Segment Start: Exercise data

Lemma extend_right f l y c s : sym_path (f :: l) -> sym_path s -> y != [::] ->
  subword (Fpath (f :: l) ++ y ++ [:: c]) (Fpath s) ->
  (exists (m : seq E) y', sym_path m /\ Fpath (f :: l) ++ y = Fpath m ++ y' /\ size y' < size y) \/
  (exists e z, src e = tgt (last f l) /\ gF e = y ++ c :: z).
Proof.
move=> sym_l sym_s ne_y /subwordP[X [Y eq_Fs]].
have {}eq_Fs : Fpath s = X ++ Fpath (f :: l) ++ y ++ c :: Y by rewrite eq_Fs -!catA.
have [p [r [def_s size_p]]] := align sym_s sym_l eq_Fs.
have eq_r : Fcontrib r = y ++ c :: Y.
  move: eq_Fs; rewrite def_s F_decomp -?def_s //.
  by case/(cat_inj_size size_p) => _ /(cat_inj_size erefl) [].
case: r def_s eq_r => [|g r] def_s eq_r; first by case: (y) eq_r.
have path_s : path linked f (l ++ g :: r).
  by have := sym_is_path sym_s; rewrite def_s => /is_path_catr/(_ isT).
move: path_s; rewrite cat_path /= => /and3P[_ /eqP link_g path_gr].
have dist_g : distributing (src g) by rewrite -link_g; case/and3P: sym_l.
have sym_s' : sym_path ((p ++ f :: l) ++ g :: r) by rewrite -catA -def_s.
have has_dist : has (fun h => distributing (tgt h)) (g :: r).
  by apply/hasP; exists (last g r); [apply: mem_last | apply: sym_path_last sym_s'].
have [qt [r2 [def_r [dist_qt F_qt]]]] := reach_distributing path_gr has_dist.
have F_gqt : Fcontrib (g :: qt) = gF g.
  by rewrite -cat1s Fcontrib_cat F_qt cats0 /Fcontrib /= dist_g /= cats0.
rewrite def_r -cat_cons Fcontrib_cat F_gqt in eq_r.
case: (cat_eq_cases eq_r) => [[z [def_y _]] | [a [z [def_g [-> _]]]]]; last first.
  by right; exists g, z.
left; exists ((f :: l) ++ g :: qt), z; split; [|split].
- apply: (@sym_infix _ _ p f (l ++ g :: qt) r2); first by move: sym_s; rewrite def_s def_r /= -!catA.
    by case/and3P: sym_l.
  by rewrite last_cat.
- by rewrite Fpath_cat // F_gqt def_y catA.
- by move: (F_nonempty dist_g); rewrite def_y size_cat -size_eq0; lia.
Qed.

Lemma fill_right v a b : a != b -> sym_factor (rcons v a) -> sym_factor (rcons v b) ->
  forall l y, sym_path l -> v = Fpath l ++ y -> exists2 m : seq E, sym_path m & Fpath m = v.
Proof.
move=> neq_ab [sa sym_sa fac_a] [sb sym_sb fac_b] l y.
have [n lt_y] := ubnP (size y); elim: n y l lt_y => // n IH y [|f l] // lt_y sym_l def_v.
case: (eqVneq y [::]) => [eq_y | ne_y].
  by exists (f :: l); rewrite // def_v eq_y cats0.
have sub c s : subword (rcons v c) (Fpath s) ->
    subword (Fpath (f :: l) ++ y ++ [:: c]) (Fpath s).
  by rewrite -cats1 def_v -catA.
have [[m [y' [sym_m [eq_v lt_y']]]] | [ea [za [src_a F_a]]]] :=
    extend_right sym_l sym_sa ne_y (sub _ _ fac_a).
  by apply: (IH y' m _ sym_m); [apply: leq_trans lt_y' lt_y | rewrite def_v].
have [[m [y' [sym_m [eq_v lt_y']]]] | [eb [zb [src_b F_b]]]] :=
    extend_right sym_l sym_sb ne_y (sub _ _ fac_b).
  by apply: (IH y' m _ sym_m); [apply: leq_trans lt_y' lt_y | rewrite def_v].
have dist_a : distributing (src ea) by rewrite src_a; case/and3P: sym_l.
case: (eqVneq ea eb) => [eq_ab | neq_e].
  move: F_b; rewrite -eq_ab F_a => /(cat_inj_size erefl) [_ [eq_ab']].
  by rewrite eq_ab' eqxx in neq_ab.
have := front_distinct neq_e (etrans src_a (esym src_b)) dist_a.
by rewrite F_a F_b /diff_first; case: (y) ne_y => //= y0 _; rewrite eqxx.
Qed.
End Scheme.

Lemma last_rev (T : Type) (x : T) (s : seq T) : last x (rev s) = head x s.
Proof. by case: s => //= y s; rewrite rev_cons last_rcons. Qed.

Lemma rev_flatten_filter (T U : Type) (P : pred T) (g : T -> seq U) (s : seq T) :
  rev (flatten [seq g x | x <- s & P x]) = flatten [seq rev (g x) | x <- rev s & P x].
Proof. by rewrite rev_flatten -map_comp -map_rev filter_rev. Qed.

Section Reversal.
Variables (A : eqType) (G : gww A).
Local Notation E := (gE G).
Local Notation src := (@gsrc A G).
Local Notation tgt := (@gtgt A G).
Implicit Types (e f : E) (s l : seq E).

Definition rev_gww : gww A :=
  @GWW A (gV G) E tgt src (fun e => rev (gB e)) (fun e => rev (gF e)).
Local Notation G' := rev_gww.

Lemma distributing_rev (v : gV G) : @distributing A G' v = collecting v.
Proof. by rewrite /distributing /collecting andbC. Qed.

Lemma collecting_rev (v : gV G) : @collecting A G' v = distributing v.
Proof. by rewrite /distributing /collecting andbC. Qed.

Lemma Fcontrib_rev s : @Fcontrib A G' (rev s) = rev (Bcontrib s).
Proof.
rewrite /Bcontrib rev_flatten_filter /Fcontrib.
by congr (flatten (map _ _)); apply: eq_filter => f; apply: distributing_rev.
Qed.

Lemma Bcontrib_rev s : @Bcontrib A G' (rev s) = rev (Fcontrib s).
Proof.
rewrite /Fcontrib rev_flatten_filter /Bcontrib.
by congr (flatten (map _ _)); apply: eq_filter => f; apply: collecting_rev.
Qed.

Lemma Fpath_rev s : @Fpath A G' (rev s) = rev (Bpath s).
Proof.
case/lastP: s => [//|s e].
by rewrite rev_rcons Fpath_cons Fcontrib_rev Bpath_rcons rev_cat.
Qed.

Lemma Bpath_rev s : @Bpath A G' (rev s) = rev (Fpath s).
Proof. by case: s => [//|e s]; rewrite rev_cons Bpath_rcons Bcontrib_rev rev_cat. Qed.
(* Let $a=(a_1,a_2)\in(0,\infty)^2$ and $t=(t_1,t_2)$ with $1<t_1<t_2$, and let $$A_0:=\frac{\sqrt3}{2}\left(\frac{a_2t_2(t_2-1)S_1(t_2+2)}{a_1t_1(t_1-1)S_1(t_1+2)}\right)^{\frac1{t_2-t_1}}.$$ Then: (1) if $0<A<A_0$, $(1/2,\sqrt3/2)$ is a strict local minimizer of $(x,y)\mapsto E_{V^{LJ}_{a,t}}(x,y,A)$; (2) if $A>A_0$, $(1/2,\sqrt3/2)$ is a strict local maximizer of $(x,y)\mapsto E_{V^{LJ}_{a,t}}(x,y,A)$.
   Context: $V^{LJ}_{a,t}(r)=\frac{a_2}{r^{t_2}}-\frac{a_1}{r^{t_1}}$ for $r>0$. For $A>0$, $x\in\mathbb R$, $y>0$, $E_{f}(x,y,A)=\sum_{m,n} f\left(A\left[\frac1y(m+xn)^2+yn^2\right]\right)$, where $\sum_{m,n}$ denotes summation over all $(m,n)\in\mathbb Z^2\setminus\{(0,0)\}$. $S_1(s)=\sum_{m,n}\frac{m^4}{(m^2+mn+n^2)^s}$. *)

From Stdlib Require Import Reals ZArith Bool ClassicalEpsilon.
Open Scope R_scope.

Definition sq_partial (F : Z -> Z -> R) (N : nat) : R :=
  sum_f_R0 (fun i =>
    sum_f_R0 (fun j =>
      let m := (Z.of_nat i - Z.of_nat N)%Z in
      let n := (Z.of_nat j - Z.of_nat N)%Z in
      if (Z.eqb m 0 && Z.eqb n 0)%bool then 0 else F m n) (2 * N)) (2 * N).

(* The lattice sum over Z^2 \ {(0,0)}: limit of square partial sums
   (all sums used below are absolutely convergent, so this is the sum). *)
Definition lattice_sum (F : Z -> Z -> R) : R :=
  epsilon (inhabits 0) (fun L => Un_cv (sq_partial F) L).

Definition V_LJ (a1 a2 t1 t2 : R) (r : R) : R :=
  a2 / Rpower r t2 - a1 / Rpower r t1.

Definition E_f (f : R -> R) (x y A : R) : R :=
  lattice_sum (fun m n =>
    f (A * ((1 / y) * (IZR m + x * IZR n) ^ 2 + y * (IZR n) ^ 2))).

Definition S1 (s : R) : R :=
  lattice_sum (fun m n =>
    (IZR m) ^ 4 / Rpower ((IZR m) ^ 2 + IZR m * IZR n + (IZR n) ^ 2) s).

Definition strict_local_min (g : R -> R -> R) (x0 y0 : R) : Prop :=
  exists eps, eps > 0 /\
    forall x y, y > 0 -> Rabs (x - x0) < eps -> Rabs (y - y0) < eps ->
      (x, y) <> (x0, y0) -> g x0 y0 < g x y.

Definition strict_local_max (g : R -> R -> R) (x0 y0 : R) : Prop :=
  exists eps, eps > 0 /\
    forall x y, y > 0 -> Rabs (x - x0) < eps -> Rabs (y - y0) < eps ->
      (x, y) <> (x0, y0) -> g x y < g x0 y0.
(* Let $D$ be an $n\times n$ positive definite density matrix and let $A$ be an $n\times n$ self-adjoint matrix. Assume that $f,g$ are standard functions such that $$g(x)\ge c\,\frac{(x-1)^2}{f(x)}\qquad\text{for all }x>0$$ for some constant $c>0$. Then $$\mathrm{qCov}^g_D(A,A)\ \ge\ c\,\gamma^f_D\big([D,A],[D,A]\big).$$
   Context: A function $f:(0,\infty)\to(0,\infty)$ is called standard if it is operator monotone, $f(1)=1$ and $f(t)=tf(t^{-1})$ for all $t>0$. For a standard $f$ define the mean $M_f(a,b):=bf(a/b)$ for $a,b>0$. For a positive definite density matrix $D$ (i.e. $D>0$, $\mathrm{Tr}\,D=1$), let $\mathbf L_D(X)=DX$, $\mathbf R_D(X)=XD$ on $n\times n$ complex matrices and $\mathbb J^f_D:=f(\mathbf L_D\mathbf R_D^{-1})\mathbf R_D$. The quantum Fisher information is $\gamma^f_D(A,B):=\mathrm{Tr}\,A^*(\mathbb J^f_D)^{-1}(B)$ and the quantum covariance is $\mathrm{qCov}^f_D(A,B):=\mathrm{Tr}\,A^*\mathbb J^f_D(B)-(\mathrm{Tr}\,DA^* )(\mathrm{Tr}\,DB)$. Equivalently, if $D=\mathrm{Diag}(\lambda_1,\dots,\lambda_n)$ with $\lambda_i>0$, then $\gamma^f_D(A,B)=\sum_{i,j}\frac{1}{M_f(\lambda_i,\lambda_j)}\overline{A_{ij}}B_{ij}$ and $\mathrm{qCov}^f_D(A,B)=\sum_{i,j}M_f(\lambda_i,\lambda_j)\overline{A_{ij}}B_{ij}-\big(\sum_i\lambda_i\overline{A_{ii}}\big)\big(\sum_i\lambda_iB_{ii}\big)$. $[D,A]=DA-AD$. *)

From HB Require Import structures.
From mathcomp Require Import all_boot all_order all_algebra.
From mathcomp Require Import complex.
From mathcomp Require Import reals sesquilinear spectral.
Set Implicit Arguments. Unset Strict Implicit. Unset Printing Implicit Defensive.
Import Order.TTheory GRing.Theory Num.Theory.
Local Open Scope ring_scope.

Section QuantumDefs.
Variable R : realType.
Local Notation C := (R[i]).

Definition toC (x : R) : C := (x%:C)%C.

Definition adjmx m n (X : 'M[C]_(m, n)) : 'M[C]_(n, m) := (X ^t* )%sesqui.

(* positive semidefinite / positive definite (over C, these imply self-adjointness) *)
Definition psdmx n (X : 'M[C]_n) : Prop :=
  forall v : 'cV[C]_n, 0 <= (adjmx v *m X *m v) 0 0.
Definition pdmx n (X : 'M[C]_n) : Prop :=
  forall v : 'cV[C]_n, v != 0 -> 0 < (adjmx v *m X *m v) 0 0.

Definition diagC n (a : 'I_n -> R) : 'M[C]_n :=
  \matrix_(i, j) (toC (a i) *+ (i == j)).

(* Operator monotonicity on (0,oo): for all sizes m and all positive definite
   matrices X <= Y (Loewner order), f(X) <= f(Y), where the functional calculus
   of a self-adjoint matrix X = U Diag(a) U^* is U Diag(f a) U^*. *)
Definition operator_monotone (f : R -> R) : Prop :=
  forall m (U V : 'M[C]_m) (a b : 'I_m -> R),
    U \is unitarymx -> V \is unitarymx ->
    (forall i, 0 < a i) -> (forall i, 0 < b i) ->
    psdmx (V *m diagC b *m adjmx V - U *m diagC a *m adjmx U) ->
    psdmx (V *m diagC (fun i => f (b i)) *m adjmx V
           - U *m diagC (fun i => f (a i)) *m adjmx U).

Definition standard (f : R -> R) : Prop :=
  [/\ forall t, 0 < t -> 0 < f t,
      operator_monotone f,
      f 1 = 1 &
      forall t, 0 < t -> f t = t * f t^-1].

Definition Mf (f : R -> R) (a b : R) : R := b * f (a / b).

(* Given a spectral decomposition D = U Diag(lam) U^*, the superoperator
   L_D R_D^{-1} is diagonal in the basis U E_ij U^* with eigenvalues lam_i/lam_j;
   hence J^f_D = f(L_D R_D^{-1}) R_D acts by multiplying the (i,j) entry of
   U^* B U by M_f(lam_i, lam_j), and (J^f_D)^{-1} by its inverse. *)
Definition Jf (f : R -> R) n (U : 'M[C]_n) (lam : 'I_n -> R) (B : 'M[C]_n)
  : 'M[C]_n :=
  U *m (\matrix_(i, j) (toC (Mf f (lam i) (lam j)) * (adjmx U *m B *m U) i j))
    *m adjmx U.
Definition Jf_inv (f : R -> R) n (U : 'M[C]_n) (lam : 'I_n -> R) (B : 'M[C]_n)
  : 'M[C]_n :=
  U *m (\matrix_(i, j) (toC (Mf f (lam i) (lam j))^-1 * (adjmx U *m B *m U) i j))
    *m adjmx U.

Definition qFisher (f : R -> R) n (U : 'M[C]_n) (lam : 'I_n -> R)
  (A B : 'M[C]_n) : C :=
  \tr (adjmx A *m Jf_inv f U lam B).

Definition qCov (f : R -> R) n (D U : 'M[C]_n) (lam : 'I_n -> R)
  (A B : 'M[C]_n) : C :=
  \tr (adjmx A *m Jf f U lam B) - \tr (D *m adjmx A) * \tr (D *m B).

Definition commmx n (X Y : 'M[C]_n) : 'M[C]_n := X *m Y - Y *m X.

End QuantumDefs.

From HB Require Import structures.
From mathcomp Require Import all_boot all_order all_algebra.
From mathcomp Require Import complex.
From mathcomp Require Import reals sesquilinear spectral.
From mathcomp Require Import ring lra.
Set Implicit Arguments. Unset Strict Implicit. Unset Printing Implicit Defensive.
Import Order.TTheory GRing.Theory Num.Theory.
Local Open Scope ring_scope.

(* Conjugating by U diagonalises D.  With B := U^* A U (again self-adjoint),
   qCov^g_D(A,A) = sum_ij M_g(l_j,l_i) |B_ji|^2 - (sum_i l_i B_ii)^2 and
   gamma^f_D([D,A],[D,A]) = sum_ij (l_j - l_i)^2 |B_ji|^2 / M_f(l_j,l_i).
   Off the diagonal, the hypothesis at x = l_j / l_i gives
   M_g(l_j,l_i) >= c (l_j - l_i)^2 / M_f(l_j,l_i) termwise.  Diagonal terms
   vanish on the Fisher side and contribute sum_i l_i B_ii^2 to the covariance
   side, which dominates (sum_i l_i B_ii)^2 because the l_i are probability
   weights. *)

Section Scalars.
Variable R : realType.
Implicit Types (r : R) (z : R[i]).

Definition sqmod z : R := complex.Re z ^+ 2 + complex.Im z ^+ 2.

Lemma sqmod_ge0 z : 0 <= sqmod z.
Proof. by rewrite addr_ge0 ?sqr_ge0. Qed.

Lemma sqmod_scale r z : sqmod (toC r * z) = r ^+ 2 * sqmod z.
Proof. by case: z => a b; rewrite /sqmod /toC /=; ring. Qed.

Lemma conjC_mul_toC r z : z^* * (toC r * z) = toC (r * sqmod z).
Proof.
case: z => a b; rewrite /toC /sqmod /=.
by apply/eqP; rewrite eq_complex /=; apply/andP; split; apply/eqP; ring.
Qed.

Lemma toC_Re z : z^* = z -> toC (complex.Re z) = z.
Proof.
case: z => a b /= [] hb; rewrite /toC.
by apply/eqP; rewrite eq_complex /= eqxx /=; apply/eqP; lra.
Qed.

Lemma sqmod_real z : z^* = z -> sqmod z = complex.Re z ^+ 2.
Proof. by move=> /toC_Re <-; rewrite /sqmod /toC /=; ring. Qed.

End Scalars.

Section Conjugation.
Variables (R : realType) (n : nat).
Local Notation C := R[i].
Implicit Types (U X M : 'M[C]_n) (lam : 'I_n -> R).

Lemma adjmxM m p q (X : 'M[C]_(m, p)) (Y : 'M[C]_(p, q)) :
  adjmx (X *m Y) = adjmx Y *m adjmx X.
Proof. by rewrite /adjmx trmx_mul map_mxM. Qed.

Lemma adjmxK m p (X : 'M[C]_(m, p)) : adjmx (adjmx X) = X.
Proof. exact: trmxCK. Qed.

Lemma hermsymmx_adj X : X \is hermsymmx -> adjmx X = X.
Proof. by move/is_hermitianmxP => {2}->; rewrite expr0 scale1r. Qed.

Lemma selfadj_diag_conjC X i : adjmx X = X -> (X i i)^* = X i i.
Proof. by move=> hX; rewrite -[in RHS]hX !mxE. Qed.

Lemma unitarymx_adjK U : U \is unitarymx -> adjmx U *m U = 1%:M.
Proof. by rewrite -trmxC_unitary => /unitarymxP; rewrite trmxCK. Qed.

Lemma diagCE lam : diagC lam = diag_mx (\row_i toC (lam i)).
Proof. by apply/matrixP => i j; rewrite !mxE. Qed.

Lemma mxtrace_adj_conj U X M : U \is unitarymx ->
  \tr (adjmx X *m (U *m M *m adjmx U)) = \tr (adjmx (adjmx U *m X *m U) *m M).
Proof. by move=> hU; rewrite !adjmxM adjmxK !mulmxA mxtrace_mulC !mulmxA. Qed.

Lemma mxtrace_adj_scale (r : 'I_n -> 'I_n -> R) X :
  \tr (adjmx X *m \matrix_(i, j) (toC (r i j) * X i j))
  = toC (\sum_i \sum_j r j i * sqmod (X j i)).
Proof.
rewrite /mxtrace /toC rmorph_sum; apply: eq_bigr => i _.
by rewrite mxE rmorph_sum; apply: eq_bigr => j _; rewrite !mxE conjC_mul_toC.
Qed.

Lemma commmx_conj U lam X : U \is unitarymx ->
  adjmx U *m commmx (U *m diagC lam *m adjmx U) X *m U =
  \matrix_(i, j) (toC (lam i - lam j) * (adjmx U *m X *m U) i j).
Proof.
move=> hU; set B := adjmx U *m X *m U.
have -> : adjmx U *m commmx (U *m diagC lam *m adjmx U) X *m U =
          diagC lam *m B - B *m diagC lam.
  rewrite /commmx mulmxBr mulmxBl !mulmxA unitarymx_adjK // mul1mx.
  by rewrite -!(mulmxA _ (adjmx U) U) unitarymx_adjK // mulmx1.
clearbody B; rewrite diagCE mul_diag_mx mul_mx_diag; apply/matrixP => i j.
by rewrite !mxE /toC rmorphB mulrBl (mulrC (B i j)).
Qed.

Lemma mxtrace_conj_diag_mul U lam X :
  adjmx (adjmx U *m X *m U) = adjmx U *m X *m U ->
  \tr (U *m diagC lam *m adjmx U *m X) =
  toC (\sum_i lam i * complex.Re ((adjmx U *m X *m U) i i)).
Proof.
move=> hB; have -> : \tr (U *m diagC lam *m adjmx U *m X) =
                     \tr (diagC lam *m (adjmx U *m X *m U)).
  by rewrite -!mulmxA mxtrace_mulC !mulmxA.
move: hB; set B := adjmx U *m X *m U; clearbody B => hB.
rewrite diagCE mul_diag_mx /toC rmorph_sum; apply: eq_bigr => i _.
rewrite !mxE rmorphM; congr (_ * _); exact/esym/toC_Re/selfadj_diag_conjC.
Qed.

End Conjugation.

Section Spectrum.
Variables (R : realType) (n : nat).
Local Notation C := R[i].
Implicit Types (U : 'M[C]_n) (lam : 'I_n -> R).

Lemma pdmx_spectrum_gt0 U lam i : U \is unitarymx ->
  pdmx (U *m diagC lam *m adjmx U) -> 0 < lam i.
Proof.
move=> hU hD; set e : 'cV[C]_n := delta_mx i 0.
have adj_e : adjmx e = delta_mx 0 i.
  by apply/matrixP => a b; rewrite !mxE; case: eqP; case: eqP; rewrite ?conjC0 ?conjC1.
have Ue_neq0 : U *m e != 0.
  apply: contra_neq (oner_neq0 C) => Ue0.
  have := congr1 (mulmx (adjmx U)) Ue0.
  rewrite mulmxA unitarymx_adjK // mul1mx mulmx0 => /matrixP /(_ i 0).
  by rewrite !mxE !eqxx.
have := hD _ Ue_neq0; rewrite adjmxM adj_e !mulmxA -(mulmxA _ (adjmx U) U).
rewrite unitarymx_adjK // mulmx1 -(mulmxA _ (adjmx U) U) unitarymx_adjK // mulmx1.
by rewrite -rowE -colE !mxE eqxx mulr1n /toC ltcR.
Qed.

Lemma mxtrace_conj_diag U lam : U \is unitarymx ->
  \tr (U *m diagC lam *m adjmx U) = toC (\sum_i lam i).
Proof.
move=> hU; rewrite mxtrace_mulC mulmxA unitarymx_adjK // mul1mx diagCE mxtrace_diag.
by rewrite /toC rmorph_sum; apply: eq_bigr => i _; rewrite mxE.
Qed.

End Spectrum.

Lemma sqr_wmean_le (R : realFieldType) (I : finType) (w x : I -> R) :
  (forall i, 0 <= w i) -> \sum_i w i = 1 ->
  (\sum_i w i * x i) ^+ 2 <= \sum_i w i * x i ^+ 2.
Proof.
move=> w_ge0 w_sum1; set m := \sum_i w i * x i.
rewrite -subr_ge0.
have -> : \sum_i w i * x i ^+ 2 - m ^+ 2 = \sum_i w i * (x i - m) ^+ 2.
  have -> : \sum_i w i * (x i - m) ^+ 2 =
            \sum_i (w i * x i ^+ 2 - (2 * m * (w i * x i) - m ^+ 2 * w i)).
    by apply: eq_bigr => i _; ring.
  by rewrite !sumrB -!mulr_sumr w_sum1 -/m; ring.
by apply: sumr_ge0 => i _; rewrite mulr_ge0 ?sqr_ge0.
Qed.

Section MeanInequalities.
Variable R : realType.
Implicit Types (f g : R -> R) (a b c : R).

Lemma Mf_diag f a : f 1 = 1 -> a != 0 -> Mf f a a = a.
Proof. by move=> f1 a_neq0; rewrite /Mf divff // f1 mulr1. Qed.

Lemma Mf_sqrB_le f g c a b : (forall t, 0 < t -> 0 < f t) ->
  (forall x, 0 < x -> c * ((x - 1) ^+ 2 / f x) <= g x) ->
  0 < a -> 0 < b -> c * ((Mf f a b)^-1 * (a - b) ^+ 2) <= Mf g a b.
Proof.
move=> f_gt0 fg a_gt0 b_gt0; rewrite /Mf; set x := a / b.
have x_gt0 : 0 < x by rewrite divr_gt0.
have -> : c * ((b * f x)^-1 * (a - b) ^+ 2) = b * (c * ((x - 1) ^+ 2 / f x)).
  have -> : a = x * b by rewrite /x divfK ?gt_eqF.
  by field; rewrite !gt_eqF ?f_gt0.
by apply: ler_wpM2l; [exact: ltW | exact: fg].
Qed.

Lemma spectral_fisher_le_cov f g c (I : finType) (lam x : I -> R) (N : I -> I -> R) :
  (forall t, 0 < t -> 0 < f t) -> g 1 = 1 ->
  (forall t, 0 < t -> c * ((t - 1) ^+ 2 / f t) <= g t) ->
  (forall i, 0 < lam i) -> \sum_i lam i = 1 ->
  (forall i j, 0 <= N i j) -> (forall i, N i i = x i ^+ 2) ->
  c * (\sum_i \sum_j (Mf f (lam j) (lam i))^-1 * ((lam j - lam i) ^+ 2 * N j i))
  <= \sum_i \sum_j Mf g (lam j) (lam i) * N j i - (\sum_i lam i * x i) ^+ 2.
Proof.
move=> f_gt0 g1 fg lam_gt0 lam_sum1 N_ge0 N_diag.
have termwise i j : (j == i)%:R * (lam i * x i ^+ 2) <=
    Mf g (lam j) (lam i) * N j i
    - c * ((Mf f (lam j) (lam i))^-1 * ((lam j - lam i) ^+ 2 * N j i)).
  have [->|neq_ji] := eqVneq j i.
    by rewrite Mf_diag ?gt_eqF // subrr expr0n /= !mul0r !mulr0 subr0 mul1r N_diag.
  rewrite mul0r subr_ge0 [_ * (_ * N j i)]mulrA mulrA.
  by apply: ler_wpM2r => //; apply: Mf_sqrB_le.
rewrite lerBrDr -lerBrDl mulr_sumr -sumrB.
apply: le_trans (sqr_wmean_le _ (fun i => ltW (lam_gt0 i)) lam_sum1) _.
apply: ler_sum => i _; rewrite mulr_sumr -sumrB.
apply: le_trans (ler_sum _ (fun j _ => termwise i j)).
by rewrite (bigD1 i) //= eqxx mul1r big1 ?addr0 // => j /negPf ->; rewrite mul0r.
Qed.

End MeanInequalities.

Theorem theorem1 (R : realType) (n : nat) (f g : R -> R) (c : R)
  (D A U : 'M[R[i]]_n) (lam : 'I_n -> R) :
  pdmx D -> \tr D = 1 ->
  U \is unitarymx -> D = U *m diagC lam *m adjmx U ->
  A \is hermsymmx ->
  standard f -> standard g ->
  0 < c ->
  (forall x : R, 0 < x -> c * ((x - 1) ^+ 2 / f x) <= g x) ->
  toC c * qFisher f U lam (commmx D A) (commmx D A) <= qCov g D U lam A A.
Proof.
move=> hD htr hU hDe hA [f_gt0 _ _ _] [_ _ g1 _] _ fg; subst D.
have lam_gt0 i : 0 < lam i := pdmx_spectrum_gt0 i hU hD.
have lam_sum1 : \sum_i lam i = 1.
  by move: htr; rewrite mxtrace_conj_diag // => /(congr1 (@complex.Re R)).
have hB : adjmx (adjmx U *m A *m U) = adjmx U *m A *m U.
  by rewrite !adjmxM adjmxK (hermsymmx_adj hA) mulmxA.
rewrite /qFisher /qCov /Jf_inv /Jf !mxtrace_adj_conj // !mxtrace_adj_scale.
rewrite (hermsymmx_adj hA) mxtrace_conj_diag_mul //.
under eq_bigr do under eq_bigr do rewrite commmx_conj // mxE sqmod_scale.
rewrite /toC -!rmorphM -rmorphB lecR -expr2.
apply: spectral_fisher_le_cov => // [i j|i]; first exact: sqmod_ge0.
exact/sqmod_real/selfadj_diag_conjC.
Qed.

Segment End: Exercise data

## Task directions
Retype word for word everything in the listing above from the line that holds "by apply/hasP; exists" down to the line that holds "forall l y, sym_path". Keep both end lines and leave out the rest.

## Response
  by apply/hasP; exists (last g r); [apply: mem_last | apply: sym_path_last sym_s'].
have [qt [r2 [def_r [dist_qt F_qt]]]] := reach_distributing path_gr has_dist.
have F_gqt : Fcontrib (g :: qt) = gF g.
  by rewrite -cat1s Fcontrib_cat F_qt cats0 /Fcontrib /= dist_g /= cats0.
rewrite def_r -cat_cons Fcontrib_cat F_gqt in eq_r.
case: (cat_eq_cases eq_r) => [[z [def_y _]] | [a [z [def_g [-> _]]]]]; last first.
  by right; exists g, z.
left; exists ((f :: l) ++ g :: qt), z; split; [|split].
- apply: (@sym_infix _ _ p f (l ++ g :: qt) r2); first by move: sym_s; rewrite def_s def_r /= -!catA.
    by case/and3P: sym_l.
  by rewrite last_cat.
- by rewrite Fpath_cat // F_gqt def_y catA.
- by move: (F_nonempty dist_g); rewrite def_y size_cat -size_eq0; lia.
Qed.

Lemma fill_right v a b : a != b -> sym_factor (rcons v a) -> sym_factor (rcons v b) ->
  forall l y, sym_path l -> v = Fpath l ++ y -> exists2 m : seq E, sym_path m & Fpath m = v.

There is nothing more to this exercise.